REQUIRED ACTION: Quote exactly and only this range of lines in the data below: the line that holds "(forall h c, eqT2 (DC (act h c))" to the line that holds "Local Open Scope ring_scope.", both included.

Saved entries
Lemma le_mul_exp_opp_pade c x : 0 < c -> 0 <= x ->
  c <= (c + x) * exp (- (2 * x / (2 * c + x))).
Proof.
  intros Hc Hx.
  assert (H := ln_1_add_ge (x / c) ltac:(apply Rdiv_le_0_compat; lra)).
  replace (2 * (x / c) / (2 + x / c)) with (2 * x / (2 * c + x)) in H by (field; lra).
  replace (1 + x / c) with ((c + x) / c) in H by (field; lra).
  assert (Hexp : exp (2 * x / (2 * c + x)) <= (c + x) / c).
  { rewrite <- (exp_ln ((c + x) / c)) by (apply Rdiv_lt_0_compat; lra).
    apply exp_le_exp, H. }
  rewrite exp_Ropp.
  assert (0 < exp (2 * x / (2 * c + x))) by apply exp_pos.
  apply Rmult_le_reg_r with (exp (2 * x / (2 * c + x))); [assumption|].
  rewrite Rmult_assoc, Rinv_l, Rmult_1_r by lra.
  apply Rmult_le_compat_l with (r := c) in Hexp; [|lra].
  replace (c * ((c + x) / c)) with (c + x) in Hexp by (field; lra); lra.
Qed.

Lemma sub_sqr_le_mul_exp c x : 0 < c ->
  (c - x) * (c + x) <= c * c * exp (- (x * x * (/ c - / (c + 1)))).
Proof.
  intros Hc.
  assert (Hq : / c - / (c + 1) <= / (c * c)).
  { replace (/ c - / (c + 1)) with (/ (c * (c + 1))) by (field; lra).
    apply Rinv_le_contravar; nra. }
  assert (H1 := exp_ineq1_le (- (x * x * (/ c - / (c + 1))))).
  assert (H2 : x * x * (/ c - / (c + 1)) <= x * x / (c * c))
    by (unfold Rdiv; apply Rmult_le_compat_l; [nra|exact Hq]).
  replace ((c - x) * (c + x)) with (c * c * (1 - x * x / (c * c))) by (field; lra).
  apply Rmult_le_compat_l; nra.
Qed.
Definition is_module_coalgebra (H : algType R) (DH : H -> seq (H * H)) (eH : H -> R)
  (C : lmodType R) (DC : C -> seq (C * C)) (eC : C -> R) (act : H -> C -> C) : Prop :=
  is_coalgebra DC eC /\
  bilin act /\
  (forall c, act 1 c = c) /\
  (forall g h c, act (g * h) c = act g (act h c)) /\
  (forall h c, eqT2 (DC (act h c))
                    [seq (act p.1 q.1, act p.2 q.2) | p <- DH h, q <- DC c]) /\
  (forall h c, eC (act h c) = eH h * eC c).

Definition smash_Delta (H : algType R) (DH : H -> seq (H * H)) (S Sinv : H -> H)
  (C : lmodType R) (DC : C -> seq (C * C)) (act : H -> C -> C) (a : C) (g : H)
  : seq ((C * H) * (C * H)) :=
  [seq ((x.1, q.1.1.2), (act (Sinv (q.1.1.1 * S q.1.2)) x.2, q.2))
  | x <- DC a, q <- Delta3 DH g].

Definition flat4 (C H : Type) (p : (C * H) * (C * H)) : C * H * C * H :=
  (p.1.1, p.1.2, p.2.1, p.2.2).

End Tensors.

From mathcomp Require Import all_boot all_algebra zify.
Import GRing.Theory.
Local Open Scope ring_scope.
Set Implicit Arguments. Unset Strict Implicit. Unset Printing Implicit Defensive.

WRITTEN RESPONSE:
  (forall h c, eqT2 (DC (act h c))
                    [seq (act p.1 q.1, act p.2 q.2) | p <- DH h, q <- DC c]) /\
  (forall h c, eC (act h c) = eH h * eC c).

Definition smash_Delta (H : algType R) (DH : H -> seq (H * H)) (S Sinv : H -> H)
  (C : lmodType R) (DC : C -> seq (C * C)) (act : H -> C -> C) (a : C) (g : H)
  : seq ((C * H) * (C * H)) :=
  [seq ((x.1, q.1.1.2), (act (Sinv (q.1.1.1 * S q.1.2)) x.2, q.2))
  | x <- DC a, q <- Delta3 DH g].

Definition flat4 (C H : Type) (p : (C * H) * (C * H)) : C * H * C * H :=
  (p.1.1, p.1.2, p.2.1, p.2.2).

End Tensors.

From mathcomp Require Import all_boot all_algebra zify.
Import GRing.Theory.
Local Open Scope ring_scope.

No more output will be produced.